/---

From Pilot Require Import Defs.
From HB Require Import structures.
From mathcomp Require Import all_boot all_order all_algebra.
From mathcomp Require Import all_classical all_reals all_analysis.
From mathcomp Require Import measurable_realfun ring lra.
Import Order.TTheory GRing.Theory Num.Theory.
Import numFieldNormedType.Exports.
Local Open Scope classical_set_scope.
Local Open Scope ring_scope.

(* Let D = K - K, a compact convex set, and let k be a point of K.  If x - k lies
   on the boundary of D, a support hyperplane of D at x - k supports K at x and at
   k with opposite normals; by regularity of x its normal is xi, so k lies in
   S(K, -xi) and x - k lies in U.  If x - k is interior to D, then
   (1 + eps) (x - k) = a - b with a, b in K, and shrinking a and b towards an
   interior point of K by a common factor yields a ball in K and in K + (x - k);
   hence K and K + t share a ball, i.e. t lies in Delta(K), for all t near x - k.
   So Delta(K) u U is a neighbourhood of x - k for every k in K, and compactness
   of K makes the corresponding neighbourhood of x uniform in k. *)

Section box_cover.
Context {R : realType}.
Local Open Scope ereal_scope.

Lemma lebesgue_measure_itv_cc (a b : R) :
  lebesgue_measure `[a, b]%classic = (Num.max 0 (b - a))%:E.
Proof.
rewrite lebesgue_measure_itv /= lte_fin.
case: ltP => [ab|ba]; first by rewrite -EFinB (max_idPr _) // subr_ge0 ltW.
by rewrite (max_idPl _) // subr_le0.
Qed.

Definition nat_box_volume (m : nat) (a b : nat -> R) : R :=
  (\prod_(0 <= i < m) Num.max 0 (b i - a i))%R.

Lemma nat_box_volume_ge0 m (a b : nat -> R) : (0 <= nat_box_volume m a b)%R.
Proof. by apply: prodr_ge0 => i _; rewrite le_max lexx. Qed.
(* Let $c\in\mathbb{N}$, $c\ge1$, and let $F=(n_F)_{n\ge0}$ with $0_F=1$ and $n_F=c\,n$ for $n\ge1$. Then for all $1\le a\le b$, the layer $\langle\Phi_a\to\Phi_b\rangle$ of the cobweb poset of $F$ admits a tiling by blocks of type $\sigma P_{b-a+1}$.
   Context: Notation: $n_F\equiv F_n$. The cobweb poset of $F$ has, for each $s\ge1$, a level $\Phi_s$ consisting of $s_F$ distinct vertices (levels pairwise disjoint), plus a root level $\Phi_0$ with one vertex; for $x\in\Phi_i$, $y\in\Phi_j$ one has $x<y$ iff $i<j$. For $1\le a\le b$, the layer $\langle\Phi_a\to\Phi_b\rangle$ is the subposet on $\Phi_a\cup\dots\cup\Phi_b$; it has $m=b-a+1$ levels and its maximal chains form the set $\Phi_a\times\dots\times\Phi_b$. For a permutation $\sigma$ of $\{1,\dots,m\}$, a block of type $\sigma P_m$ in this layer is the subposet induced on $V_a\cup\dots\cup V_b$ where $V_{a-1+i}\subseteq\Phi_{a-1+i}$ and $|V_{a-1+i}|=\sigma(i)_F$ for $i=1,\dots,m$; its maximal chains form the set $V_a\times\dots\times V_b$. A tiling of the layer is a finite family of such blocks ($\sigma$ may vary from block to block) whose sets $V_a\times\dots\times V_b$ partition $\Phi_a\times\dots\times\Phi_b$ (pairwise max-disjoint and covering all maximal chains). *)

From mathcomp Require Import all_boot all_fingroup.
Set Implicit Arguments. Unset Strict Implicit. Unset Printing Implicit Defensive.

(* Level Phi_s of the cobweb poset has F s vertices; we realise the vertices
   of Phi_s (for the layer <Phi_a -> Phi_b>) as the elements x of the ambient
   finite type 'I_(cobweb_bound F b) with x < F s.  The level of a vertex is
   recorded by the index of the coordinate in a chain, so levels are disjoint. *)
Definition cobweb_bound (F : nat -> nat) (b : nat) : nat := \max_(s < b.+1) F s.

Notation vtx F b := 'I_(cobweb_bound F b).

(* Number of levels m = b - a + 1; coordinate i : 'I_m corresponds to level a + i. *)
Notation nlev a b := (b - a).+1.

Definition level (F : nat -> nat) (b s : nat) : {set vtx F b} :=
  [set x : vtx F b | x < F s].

\---

▶ [Problem statement] The lines above from the one containing "So Delta(K) u" through the one containing "(* Level Phi_s" are to be set down exactly, and no others.

▶ [Reply]
   So Delta(K) u U is a neighbourhood of x - k for every k in K, and compactness
   of K makes the corresponding neighbourhood of x uniform in k. *)

Section box_cover.
Context {R : realType}.
Local Open Scope ereal_scope.

Lemma lebesgue_measure_itv_cc (a b : R) :
  lebesgue_measure `[a, b]%classic = (Num.max 0 (b - a))%:E.
Proof.
rewrite lebesgue_measure_itv /= lte_fin.
case: ltP => [ab|ba]; first by rewrite -EFinB (max_idPr _) // subr_ge0 ltW.
by rewrite (max_idPl _) // subr_le0.
Qed.

Definition nat_box_volume (m : nat) (a b : nat -> R) : R :=
  (\prod_(0 <= i < m) Num.max 0 (b i - a i))%R.

Lemma nat_box_volume_ge0 m (a b : nat -> R) : (0 <= nat_box_volume m a b)%R.
Proof. by apply: prodr_ge0 => i _; rewrite le_max lexx. Qed.
(* Let $c\in\mathbb{N}$, $c\ge1$, and let $F=(n_F)_{n\ge0}$ with $0_F=1$ and $n_F=c\,n$ for $n\ge1$. Then for all $1\le a\le b$, the layer $\langle\Phi_a\to\Phi_b\rangle$ of the cobweb poset of $F$ admits a tiling by blocks of type $\sigma P_{b-a+1}$.
   Context: Notation: $n_F\equiv F_n$. The cobweb poset of $F$ has, for each $s\ge1$, a level $\Phi_s$ consisting of $s_F$ distinct vertices (levels pairwise disjoint), plus a root level $\Phi_0$ with one vertex; for $x\in\Phi_i$, $y\in\Phi_j$ one has $x<y$ iff $i<j$. For $1\le a\le b$, the layer $\langle\Phi_a\to\Phi_b\rangle$ is the subposet on $\Phi_a\cup\dots\cup\Phi_b$; it has $m=b-a+1$ levels and its maximal chains form the set $\Phi_a\times\dots\times\Phi_b$. For a permutation $\sigma$ of $\{1,\dots,m\}$, a block of type $\sigma P_m$ in this layer is the subposet induced on $V_a\cup\dots\cup V_b$ where $V_{a-1+i}\subseteq\Phi_{a-1+i}$ and $|V_{a-1+i}|=\sigma(i)_F$ for $i=1,\dots,m$; its maximal chains form the set $V_a\times\dots\times V_b$. A tiling of the layer is a finite family of such blocks ($\sigma$ may vary from block to block) whose sets $V_a\times\dots\times V_b$ partition $\Phi_a\times\dots\times\Phi_b$ (pairwise max-disjoint and covering all maximal chains). *)

From mathcomp Require Import all_boot all_fingroup.
Set Implicit Arguments. Unset Strict Implicit. Unset Printing Implicit Defensive.

(* Level Phi_s of the cobweb poset has F s vertices; we realise the vertices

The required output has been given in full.